You may place an optional test_config.json at the dataset root. It supports:

  • concurrency
  • with_vad
  • vad_redemption_ms
  • judge_llm

Example:

{
  "concurrency": 1,
  "with_vad": false,
  "vad_redemption_ms": 500,
  "judge_llm": {
    "model": "Qwen/Qwen2.5-7B-Instruct",
    "base_url": "http://127.0.0.1:8000/v1",
    "api_key": "YOUR_API_KEY"
  }
}

Each case directory may also contain an optional criteria.yaml:

judge_asr: true

When judge_asr: true is enabled, every runnable timestamp.txt entry must include the expected transcript text as the third column. Datasets produced by --create already satisfy this format automatically.

Creating timestamp.txt

Each case directory must contain a timestamp.txt. In --create mode, each line uses the format <time_spec>:<text>:

# basic_turn/timestamp.txt
0:Hello, how are you today?
ai_end:Tell me more about your plan.
ai_end+2.5:I also want to ask about pricing.

<time_spec> can be:

  • an absolute second value such as 0, 5.0, or 10.5
  • ai_start
  • ai_end
  • user_start
  • user_end
  • one of the anchors above plus an offset such as ai_end+2.5

Relative timestamps are resolved in file order. ai_* anchors refer to the next AI response triggered by the previous user clip, while user_* anchors refer to the previous user clip itself.

Generating a Runnable Dataset

Install the script dependencies first:

pip install numpy requests soundfile websockets pyyaml uvicorn fastapi

Optional:

pip install soxr

Install the optional X-Talk dependency required by your chosen TTS backend as well. For example, IndexTTS needs the index-tts extra.

Then generate the dataset:

python scripts/test.py --create logs/test_templates/smoke --out logs/tests

The script loads the TTS model from the root JSON config, synthesizes one WAV file per line, and writes runnable case folders. The generated timestamp.txt will use the format <time_spec>:<audio_file>:<expected_text>.

For example:

logs/tests/smoke/
├── tts_config.json
├── test_config.json
└── basic_turn/
    ├── audio_000.wav
    ├── audio_001.wav
    ├── audio_002.wav
    └── timestamp.txt

Running Automated Tests

In --input mode, the script starts an embedded uvicorn server by itself. You do not need to manually start X-Talk first.

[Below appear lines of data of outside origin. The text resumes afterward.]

Lemma fejer_frequently_small a c alpha K :
  (forall k, 0 <= a k) -> (forall k, 0 <= alpha k) ->
  series alpha @ \oo --> +oo -> cvgn (series (fun k => alpha k ^+ 2)) ->
  (forall k, (K <= k)%N -> a k.+1 <= a k - 2 * alpha k * c k + alpha k ^+ 2) ->
  frequently_small c.
Proof.
move=> a0 alpha0 alpha_div alpha2_sum a_step eta eta0 i; apply: contrapT => c_large.
set K' := maxn K i.
have c_ge k : (K' <= k)%N -> eta <= c k.
  move=> K'k; rewrite leNgt; apply/negP => ck; apply: c_large; exists k => //.
  by apply: leq_trans K'k; rewrite leq_maxr.
have step k : (K' <= k)%N -> a k.+1 + 2 * eta * alpha k <= a k + alpha k ^+ 2.
  move=> K'k; have := a_step k (leq_trans (leq_maxl K i) K'k).
  have := c_ge k K'k; have := alpha0 k; nra.
set L := limn (series (fun k => alpha k ^+ 2)).
have eta2 : 0 < 2 * eta by rewrite mulr_gt0.
have sum_alpha m : (K' <= m)%N -> series alpha m - series alpha K' <= (a K' + L) / (2 * eta).
  move=> K'm; rewrite sub_series_geq // ler_pdivlMr // mulrC mulr_sumr.
  have := telescope_le step K'm.
  have := sum_le_lim_sub_series (fun k => sqr_ge0 (alpha k)) alpha2_sum K' m.
  have : 0 <= series (fun k => alpha k ^+ 2) K' by apply: sumr_ge0 => k _; exact: sqr_ge0.
  have := a0 m; rewrite -/L; lra.
move/cvgryPge : alpha_div => /(_ (series alpha K' + (a K' + L) / (2 * eta) + 1)) [N _ hN].
have := hN _ (leq_maxl N K'); have := sum_alpha _ (leq_maxr N K'); lra.
Qed.

Lemma compact_cluster_frequently_small (X : topologicalType) (T : set X)
    (u : nat -> X) c K :
  compact T -> (forall k, (K <= k)%N -> T (u k)) -> frequently_small c ->
  exists2 y, T y & forall N, nbhs y N -> forall e, 0 < e -> forall i,
    exists k, [/\ (i <= k)%N, c k < e & N (u k)].
Proof.
move=> T_compact uT c_small.
pose D := [set p : nat * R | (K <= p.1)%N /\ 0 < p.2].
pose tail (p : nat * R) := u @` [set k | (p.1 <= k)%N /\ c k < p.2].
have F_filter : Filter (filter_from D tail).
  apply: filter_from_filter; first by exists (K, 1).
  move=> [i1 e1] [i2 e2] [/= Ki1 e10] [/= Ki2 e20].
  exists (maxn i1 i2, Num.min e1 e2); first by split; rewrite /= ?leq_max ?Ki1 // lt_min e10.
  move=> _ [k [/= + +] <-]; rewrite geq_max lt_min => /andP[i1k i2k] /andP[ck1 ck2].
  by split; exists k.
have F_proper : ProperFilter (filter_from D tail).
  apply: filter_from_proper => -[i e] [/= Ki e0].
  by have [k ik ck] := c_small e e0 i; exists (u k), k.
have [|y [Ty y_cluster]] := T_compact _ F_proper.
  by exists (K, 1) => //= _ [k [Kk _] <-]; exact: uT.
exists y => // N yN e e0 i.
have F_tail : filter_from D tail (tail (maxn K i, e)).
  by exists (maxn K i, e) => //; split; rewrite /= ?leq_maxl.
have [_ [[k [/= ik ck] <-] Nuk]] := y_cluster _ _ F_tail yN.
by exists k; split => //; apply: leq_trans ik; rewrite leq_maxr.
Qed.

End RealSequences.

Lemma not_SEP_lt0 (R : realType) (n : nat) (C : set 'rV[R]_n) f u y :
  pseudomonotone_on C f -> paramonotone_on C f ->
  C u -> ~ SEP C f u -> SEP C f y -> (f u y < 0)%E.
Proof.
move=> f_pm f_pa Cu uNS [Cy y_sol].
have fuy_le0 : (f u y <= 0)%E by apply: f_pm => //; exact: y_sol.
rewrite lt_neqAle fuy_le0 andbT; apply/negP => /eqP fuy0; apply: uNS.
apply: (f_pa y u) => //; apply/eqP; rewrite eq_le y_sol // andbT.
by apply: f_pm => //; rewrite fuy0.
Qed.

Section NormalSubgradientMethod.
Variables (R : realType) (n : nat) (C : set 'rV[R]_n).
Variables (f : 'rV[R]_n -> 'rV[R]_n -> \bar R) (alpha : R^nat) (x g : nat -> 'rV[R]_n).
Notation S := (SEP C f).
Hypotheses (C_closed : closed C) (C_convex : convex_set C).
Hypotheses (f_pm : pseudomonotone_on C f) (f_pa : paramonotone_on C f).
Hypothesis f_usc : forall u v, C u -> C v -> usc_at (fun q => f q.1 q.2) (u, v).
Hypothesis alpha_gt0 : forall k, 0 < alpha k.
Hypothesis x0_in_C : C (x 0%N).
Hypothesis g_normal : forall k, normal_subdiff f (x k) (g k).
Hypothesis g_neq0 : forall k, g k != 0.
Hypothesis x_step :
  forall k, is_proj C (x k - alpha k *: ((enorm (g k))^-1 *: g k)) (x k.+1).

Definition gdir k := (enorm (g k))^-1 *: g k.

Lemma iterate_in_C k : C (x k).
Proof. by case: k => [|k] //; case: (x_step k). Qed.

Lemma enorm_g_gt0 k : 0 < enorm (g k).
Proof. by rewrite enorm_gt0. Qed.

Lemma dotp_gdir k : dotp (gdir k) (gdir k) = 1.
Proof.
have := enorm_g_gt0 k; rewrite dotpZl dotpZr -sqr_enorm lt0r => /andP[g0 _].
by field.
Qed.

Lemma gdir_dotp_gt0 k y : ~ S (x k) -> S y -> 0 < dotp (gdir k) (x k - y).
Proof.
move=> xkNS Sy.
have := g_normal (not_SEP_lt0 f_pm f_pa (iterate_in_C k) xkNS Sy).
by rewrite -opprB dotpNr oppr_lt0 => g_pos; rewrite dotpZl mulr_gt0 ?invr_gt0 ?enorm_g_gt0.
Qed.

Lemma iterate_sqr_le k y : C y ->
  dotp (x k.+1 - y) (x k.+1 - y) <=
  dotp (x k - y) (x k - y) - 2 * alpha k * dotp (gdir k) (x k - y) + alpha k ^+ 2.
Proof.
move=> Cy; apply: le_trans (is_proj_sqr_le C_convex (x_step k) Cy) _.
rewrite -/(gdir k) addrAC; have := dotp_gdir k; move: (x k - y) (gdir k) => a b b1.
by rewrite !(dotpBl, dotpBr, dotpZl, dotpZr) b1 [dotp b a]dotpC; lra.
Qed.

Lemma iterate_quasi_fejer k y : ~ S (x k) -> S y ->
  dotp (x k.+1 - y) (x k.+1 - y) <= dotp (x k - y) (x k - y) + alpha k ^+ 2.
Proof.
move=> xkNS Sy; have := iterate_sqr_le k (proj1 Sy).
have := gdir_dotp_gt0 xkNS Sy; have := alpha_gt0 k; nra.
Qed.

Lemma dist_SEP_sqr_le k : S !=set0 ->
  dist_set (x k.+1) S ^+ 2 <= dist_set (x k) S ^+ 2 + alpha k ^+ 2.
Proof.
move=> S_nonempty; have [Sxk|xkNS] := pselect (S (x k)); last first.
  by apply: dist_set_sqr_le => // z Sz; rewrite !sqr_enorm; exact: iterate_quasi_fejer.
apply: (@le_trans _ _ (alpha k ^+ 2)); last by rewrite (dist_set_eq0 Sxk); nra.
have := iterate_sqr_le k (iterate_in_C k); rewrite subrr !dotp0r mulr0 subr0 add0r.
apply: le_trans; rewrite -sqr_enorm lerXn2r ?nnegrE ?dist_set_ge0 ?enorm_ge0 //.
exact: dist_set_le.
Qed.

Lemma dist_SEP_cvg0 : S !=set0 -> cvgn (series (fun k => alpha k ^+ 2)) ->
  infinite_set [set k | S (x k)] -> (fun k => dist_set (x k) S) @ \oo --> 0.
Proof.
move=> S_nonempty alpha2_sum S_often; apply: sqr_cvg0 => [k|]; first exact: dist_set_ge0.
apply: (quasi_fejer_cvg0 (K := 0%N) _ alpha2_sum) => [k|k|k _|e e0 i].
- exact: sqr_ge0.
- exact: sqr_ge0.
- exact: dist_SEP_sqr_le.
- have [k ik Sxk] := infinite_nat_set_unbounded S_often i.
  by exists k; rewrite // dist_set_eq0 // expr2 mul0r.
Qed.

Lemma cluster_in_SEP xs xb : S xs -> C xb ->
  (forall N, nbhs xb N -> forall e, 0 < e ->
     exists k, dotp (gdir k) (x k - xs) < e /\ N (x k)) -> S xb.
Proof.
move=> Sxs Cxb xb_cluster; apply: contrapT => xbNS.
have /nbhs_ballP[e e0 f_lt0] := f_usc Cxb (proj1 Sxs) (not_SEP_lt0 f_pm f_pa Cxb xbNS Sxs).
have e2 : 0 < e / 2 by rewrite divr_gt0.
have [k [ck xk_near]] := xb_cluster _ (nbhsx_ballx xb e e0) _ e2.
(* [b] is [e]-close to [xs], so [b] is in [L_f (x k)], yet
   [<gdir k, b - x k> = e / 2 - <gdir k, x k - xs> > 0] *)
pose b := xs + (e / 2) *: gdir k.
have /g_normal : (f (x k) b < 0)%E.
  apply: (f_lt0 (x k, b)); split => //=; apply: ball_enorm.
  by rewrite /b addrC addKr enormZ /enorm dotp_gdir sqrtr1 mulr1 gtr0_norm //; lra.
have -> : g k = enorm (g k) *: gdir k.
  by rewrite scalerA mulfV ?scale1r // gt_eqF // enorm_g_gt0.
have -> : b - x k = (e / 2) *: gdir k - (x k - xs).
  by apply/rowP => i; rewrite !mxE; ring.
rewrite dotpZl dotpBr dotpZr dotp_gdir mulr1 pmulr_rlt0 ?enorm_g_gt0 //; lra.
Qed.

Lemma iterates_cvg_SEP : S !=set0 -> series alpha @ \oo --> +oo ->
  cvgn (series (fun k => alpha k ^+ 2)) -> finite_set [set k | S (x k)] ->
  exists xs, S xs /\ x @ \oo --> xs.
Proof.
move=> [xs Sxs] alpha_div alpha2_sum /finite_nat_set_eventually_notin[K xNS].
have alpha2_ge0 k : 0 <= alpha k ^+ 2 by exact: sqr_ge0.
have fejer y : S y -> forall k, (K <= k)%N ->
    dotp (x k.+1 - y) (x k.+1 - y) <= dotp (x k - y) (x k - y) + alpha k ^+ 2.
  by move=> Sy k Kk; exact: iterate_quasi_fejer (xNS k Kk) Sy.
have c_small : frequently_small (fun k => dotp (gdir k) (x k - xs)).
  apply: (fejer_frequently_small (a := fun k => dotp (x k - xs) (x k - xs))
    (alpha := alpha) (K := 0%N)) => // [k|k|k _].
  - exact: dotp_ge0.
  - exact: ltW.
  - exact: iterate_sqr_le (proj1 Sxs).
set B := dotp (x K - xs) (x K - xs) + limn (series (fun k => alpha k ^+ 2)).
have r0 : 0 < Num.sqrt B + 1 by rewrite ltr_wpDl ?sqrtr_ge0.
have xT k : (K <= k)%N -> (C `&` closed_ball xs (Num.sqrt B + 1)) (x k).
  move=> Kk; split; first exact: iterate_in_C.
  rewrite closed_ballE // /closed_ball_ /=; apply: le_trans (mx_norm_le_enorm _) _.
  rewrite enormB; apply: le_trans (_ : Num.sqrt B <= _); last by rewrite lerDl.
  exact/ler_wsqrtr/(quasi_fejer_bounded alpha2_ge0 alpha2_sum (fejer xs Sxs)).
have [xb [Cxb _] xb_cluster] :=
  compact_cluster_frequently_small (compact_closedI_ball C_closed r0) xT c_small.
have Sxb : S xb.
  apply: cluster_in_SEP Sxs Cxb _ => N xbN e e0.
  by have [k [_ ck Nxk]] := xb_cluster N xbN e e0 0%N; exists k.
exists xb; split => //; apply: enorm_cvg0; apply: sqr_cvg0 => [k|]; first exact: enorm_ge0.
under eq_fun do rewrite sqr_enorm.
apply: (quasi_fejer_cvg0 (K := K) alpha2_ge0 alpha2_sum) => [k|k Kk|e e0 i].
- exact: dotp_ge0.
- exact: fejer Sxb k Kk.
- have [k [ik _ xk_near]] := xb_cluster _ (nbhs_dotp_lt xb e0) 1 ltr01 i.
  by exists k.
Qed.

End NormalSubgradientMethod.

Unset Implicit Arguments.

Theorem theorem1 (R : realType) (n : nat) (C : set 'rV[R]_n)
  (f : 'rV[R]_n -> 'rV[R]_n -> \bar R)
  (alpha : R ^nat) (x g : nat -> 'rV[R]_n) :
  (* standing assumptions on C and f *)
  C !=set0 -> closed C -> convex_set C ->
  (forall u v, f u v != -oo%E) ->
  (forall u, C u -> f u u = 0%E) ->
  (forall u v, C u -> C v -> f u v \is a fin_num) ->
  (* (A1) *)
  (forall u, C u -> quasiconvex (f u)) ->
  (exists U : set ('rV[R]_n * 'rV[R]_n), open U /\
     (forall u v, C u -> C v -> U (u, v)) /\
     (forall p, U p -> usc_at (fun q => f q.1 q.2) p)) ->
  (* (A2) *)
  pseudomonotone_on C f -> paramonotone_on C f ->
  (* (A3) *)
  SEP C f !=set0 ->
  (* step sizes *)
  (forall k, 0 < alpha k) ->
  (series alpha @ \oo --> +oo) ->
  cvgn (series (fun k => alpha k ^+ 2)) ->
  (* the Normal-subgradient method, not terminating *)
  C (x 0%N) ->
  (forall k, normal_subdiff f (x k) (g k)) ->
  (forall k, g k != 0) ->
  (forall k, is_proj C (x k - alpha k *: ((enorm (g k))^-1 *: g k)) (x k.+1)) ->
  (forall k, x k.+1 != x k) ->
  (* conclusions *)
  (infinite_set [set k | SEP C f (x k)] ->
     (fun k => dist_set (x k) (SEP C f)) @ \oo --> 0) /\
  (finite_set [set k | SEP C f (x k)] ->
     exists xs, SEP C f xs /\ x @ \oo --> xs).
Proof.
move=> _ C_closed C_convex _ _ _ _ [U [_ [U_CC U_usc]]] f_pm f_pa S_nonempty
  alpha_gt0 alpha_div alpha2_sum x0_in_C g_normal g_neq0 x_step _.
have f_usc u v : C u -> C v -> usc_at (fun q => f q.1 q.2) (u, v).
  by move=> Cu Cv; apply/U_usc/U_CC.
by split; [exact: dist_SEP_cvg0 | exact: iterates_cvg_SEP].
Qed.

Run the generated dataset against a backend service config:

python scripts/test.py --config server_configs/sample_local.json --input logs/tests/smoke --out logs/test_results/smoke

You can also override runtime options from the command line:

python scripts/test.py --config server_configs/sample_local.json --input logs/tests/smoke --out logs/test_results/smoke --concurrency 2 --with-vad

Outputs

The test result folder contains:

  • <case_name>.mp3: the final mono recording for that case, compressed from the analyzed stereo session audio with high-quality MP3 encoding to save space
  • eval.json: overall latency and per-case pass/fail summary
  • logs/<case_name>.asr.json: expected transcripts, observed ASR events, and optional judge results
  • service_config.json: the effective backend config used for the run
  • test_config.json: the effective dataset runtime config used for the run

Notes

  • --with-vad enables client-side VAD. In that mode, remove backend vad from the server config to avoid duplicate turn events.
  • --without-vad requires a backend vad model in the server config.
  • If judge_asr is enabled for any case, configure judge_llm either in test_config.json or via CLI overrides.